=== EXERCISE INSTRUCTIONS ===
Scan each line of the records for the word "case" and extract the ones that have it.

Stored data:
-- Opening Marker --

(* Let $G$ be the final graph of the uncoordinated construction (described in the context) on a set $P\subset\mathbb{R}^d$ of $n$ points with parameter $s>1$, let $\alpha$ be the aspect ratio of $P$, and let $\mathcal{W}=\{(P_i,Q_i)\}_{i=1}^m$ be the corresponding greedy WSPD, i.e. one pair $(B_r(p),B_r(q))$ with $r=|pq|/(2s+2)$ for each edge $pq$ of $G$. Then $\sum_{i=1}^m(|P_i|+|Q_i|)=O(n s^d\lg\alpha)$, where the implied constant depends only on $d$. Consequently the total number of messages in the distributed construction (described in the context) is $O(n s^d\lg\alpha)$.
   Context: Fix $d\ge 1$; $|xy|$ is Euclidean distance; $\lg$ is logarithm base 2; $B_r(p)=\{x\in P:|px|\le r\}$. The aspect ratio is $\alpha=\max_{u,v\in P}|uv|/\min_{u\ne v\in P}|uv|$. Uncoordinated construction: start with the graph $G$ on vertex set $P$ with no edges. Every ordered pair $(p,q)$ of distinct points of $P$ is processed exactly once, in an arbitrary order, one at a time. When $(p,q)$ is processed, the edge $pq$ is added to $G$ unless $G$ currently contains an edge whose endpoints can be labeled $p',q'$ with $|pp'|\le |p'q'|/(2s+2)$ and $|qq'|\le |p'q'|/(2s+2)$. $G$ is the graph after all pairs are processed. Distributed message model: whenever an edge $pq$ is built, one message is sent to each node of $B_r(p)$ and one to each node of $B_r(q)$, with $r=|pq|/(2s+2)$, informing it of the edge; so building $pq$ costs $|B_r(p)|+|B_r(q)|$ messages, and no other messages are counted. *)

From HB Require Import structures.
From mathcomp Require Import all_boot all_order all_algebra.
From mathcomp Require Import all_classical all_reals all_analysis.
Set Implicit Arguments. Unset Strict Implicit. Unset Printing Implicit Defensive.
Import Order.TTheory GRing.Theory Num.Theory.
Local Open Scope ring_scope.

-- Closing Marker --
-- Opening Marker --

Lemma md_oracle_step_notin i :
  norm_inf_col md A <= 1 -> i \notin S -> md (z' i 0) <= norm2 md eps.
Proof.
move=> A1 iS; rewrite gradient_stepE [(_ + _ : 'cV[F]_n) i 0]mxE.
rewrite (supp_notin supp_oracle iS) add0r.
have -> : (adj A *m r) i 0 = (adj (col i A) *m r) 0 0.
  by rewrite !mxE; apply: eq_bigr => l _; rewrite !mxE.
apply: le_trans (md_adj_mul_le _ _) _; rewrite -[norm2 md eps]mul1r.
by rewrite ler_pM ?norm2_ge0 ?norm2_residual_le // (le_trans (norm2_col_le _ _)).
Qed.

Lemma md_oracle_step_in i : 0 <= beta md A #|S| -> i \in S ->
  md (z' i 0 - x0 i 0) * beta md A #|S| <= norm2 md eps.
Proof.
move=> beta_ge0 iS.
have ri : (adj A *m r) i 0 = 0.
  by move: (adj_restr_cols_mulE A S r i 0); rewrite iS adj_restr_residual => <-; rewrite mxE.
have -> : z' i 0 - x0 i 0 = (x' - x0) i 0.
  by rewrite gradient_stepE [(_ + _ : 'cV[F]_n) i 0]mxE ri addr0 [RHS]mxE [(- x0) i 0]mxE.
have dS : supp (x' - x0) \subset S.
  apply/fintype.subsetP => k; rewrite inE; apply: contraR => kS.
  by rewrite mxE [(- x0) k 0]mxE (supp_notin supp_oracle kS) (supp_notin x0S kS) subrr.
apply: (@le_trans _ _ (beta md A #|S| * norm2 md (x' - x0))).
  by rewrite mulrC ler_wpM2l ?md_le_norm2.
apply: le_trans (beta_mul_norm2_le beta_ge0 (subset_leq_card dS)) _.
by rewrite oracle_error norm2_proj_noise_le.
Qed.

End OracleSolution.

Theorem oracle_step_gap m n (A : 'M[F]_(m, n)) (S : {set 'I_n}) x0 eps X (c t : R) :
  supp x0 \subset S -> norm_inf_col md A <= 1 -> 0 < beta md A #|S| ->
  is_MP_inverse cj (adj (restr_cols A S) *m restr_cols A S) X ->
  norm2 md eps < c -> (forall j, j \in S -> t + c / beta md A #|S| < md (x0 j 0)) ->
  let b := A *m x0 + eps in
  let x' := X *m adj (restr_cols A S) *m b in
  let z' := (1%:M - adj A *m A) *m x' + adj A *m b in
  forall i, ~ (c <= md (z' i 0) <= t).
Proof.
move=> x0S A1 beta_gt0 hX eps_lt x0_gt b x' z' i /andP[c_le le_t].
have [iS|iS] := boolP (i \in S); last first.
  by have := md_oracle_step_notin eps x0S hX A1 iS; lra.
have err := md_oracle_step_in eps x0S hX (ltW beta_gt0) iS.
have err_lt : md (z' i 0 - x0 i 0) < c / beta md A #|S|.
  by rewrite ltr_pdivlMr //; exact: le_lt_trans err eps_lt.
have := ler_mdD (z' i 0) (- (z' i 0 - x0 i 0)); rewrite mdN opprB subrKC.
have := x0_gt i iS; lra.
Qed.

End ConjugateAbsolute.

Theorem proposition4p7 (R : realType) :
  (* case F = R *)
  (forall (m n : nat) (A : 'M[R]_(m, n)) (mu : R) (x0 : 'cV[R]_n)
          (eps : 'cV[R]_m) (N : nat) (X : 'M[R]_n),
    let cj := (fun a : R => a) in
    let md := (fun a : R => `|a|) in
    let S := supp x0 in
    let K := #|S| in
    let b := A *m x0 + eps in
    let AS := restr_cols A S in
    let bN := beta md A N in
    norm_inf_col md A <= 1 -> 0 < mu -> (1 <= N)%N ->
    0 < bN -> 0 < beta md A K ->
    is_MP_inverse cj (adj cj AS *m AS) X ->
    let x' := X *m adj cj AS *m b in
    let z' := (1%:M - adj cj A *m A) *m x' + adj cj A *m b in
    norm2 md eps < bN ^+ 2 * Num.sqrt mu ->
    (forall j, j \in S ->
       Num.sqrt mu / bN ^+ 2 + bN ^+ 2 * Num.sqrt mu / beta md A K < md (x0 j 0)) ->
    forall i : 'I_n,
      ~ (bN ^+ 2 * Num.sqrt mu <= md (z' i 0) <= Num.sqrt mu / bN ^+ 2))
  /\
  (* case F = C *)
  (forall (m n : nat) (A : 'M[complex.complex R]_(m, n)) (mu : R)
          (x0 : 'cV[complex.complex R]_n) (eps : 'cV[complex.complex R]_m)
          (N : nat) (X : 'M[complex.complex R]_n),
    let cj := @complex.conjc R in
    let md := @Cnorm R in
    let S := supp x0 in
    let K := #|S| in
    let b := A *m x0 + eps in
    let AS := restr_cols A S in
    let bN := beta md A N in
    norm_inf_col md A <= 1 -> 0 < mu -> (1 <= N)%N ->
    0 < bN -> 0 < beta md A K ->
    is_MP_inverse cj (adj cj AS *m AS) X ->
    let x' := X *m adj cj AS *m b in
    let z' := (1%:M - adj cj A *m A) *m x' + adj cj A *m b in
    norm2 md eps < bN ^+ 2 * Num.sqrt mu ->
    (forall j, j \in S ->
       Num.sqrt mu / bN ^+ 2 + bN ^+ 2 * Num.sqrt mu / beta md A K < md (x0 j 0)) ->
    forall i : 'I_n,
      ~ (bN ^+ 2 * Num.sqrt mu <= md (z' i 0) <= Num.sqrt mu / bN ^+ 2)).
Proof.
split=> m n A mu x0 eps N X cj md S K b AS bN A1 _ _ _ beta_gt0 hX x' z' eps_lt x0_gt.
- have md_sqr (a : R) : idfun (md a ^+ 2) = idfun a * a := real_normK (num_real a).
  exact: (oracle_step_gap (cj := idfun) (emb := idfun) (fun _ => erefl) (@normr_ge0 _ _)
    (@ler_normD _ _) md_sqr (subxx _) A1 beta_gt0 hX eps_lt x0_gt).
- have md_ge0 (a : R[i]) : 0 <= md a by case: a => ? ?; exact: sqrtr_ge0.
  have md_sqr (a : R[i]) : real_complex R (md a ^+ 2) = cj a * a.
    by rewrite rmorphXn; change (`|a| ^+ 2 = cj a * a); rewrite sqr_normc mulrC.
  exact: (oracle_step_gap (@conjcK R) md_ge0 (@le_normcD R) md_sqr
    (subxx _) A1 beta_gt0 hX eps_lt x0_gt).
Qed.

-- Closing Marker --

=== TASK RESPONSE ===
  (* case F = R *)
  (* case F = C *)
- have md_ge0 (a : R[i]) : 0 <= md a by case: a => ? ?; exact: sqrtr_ge0.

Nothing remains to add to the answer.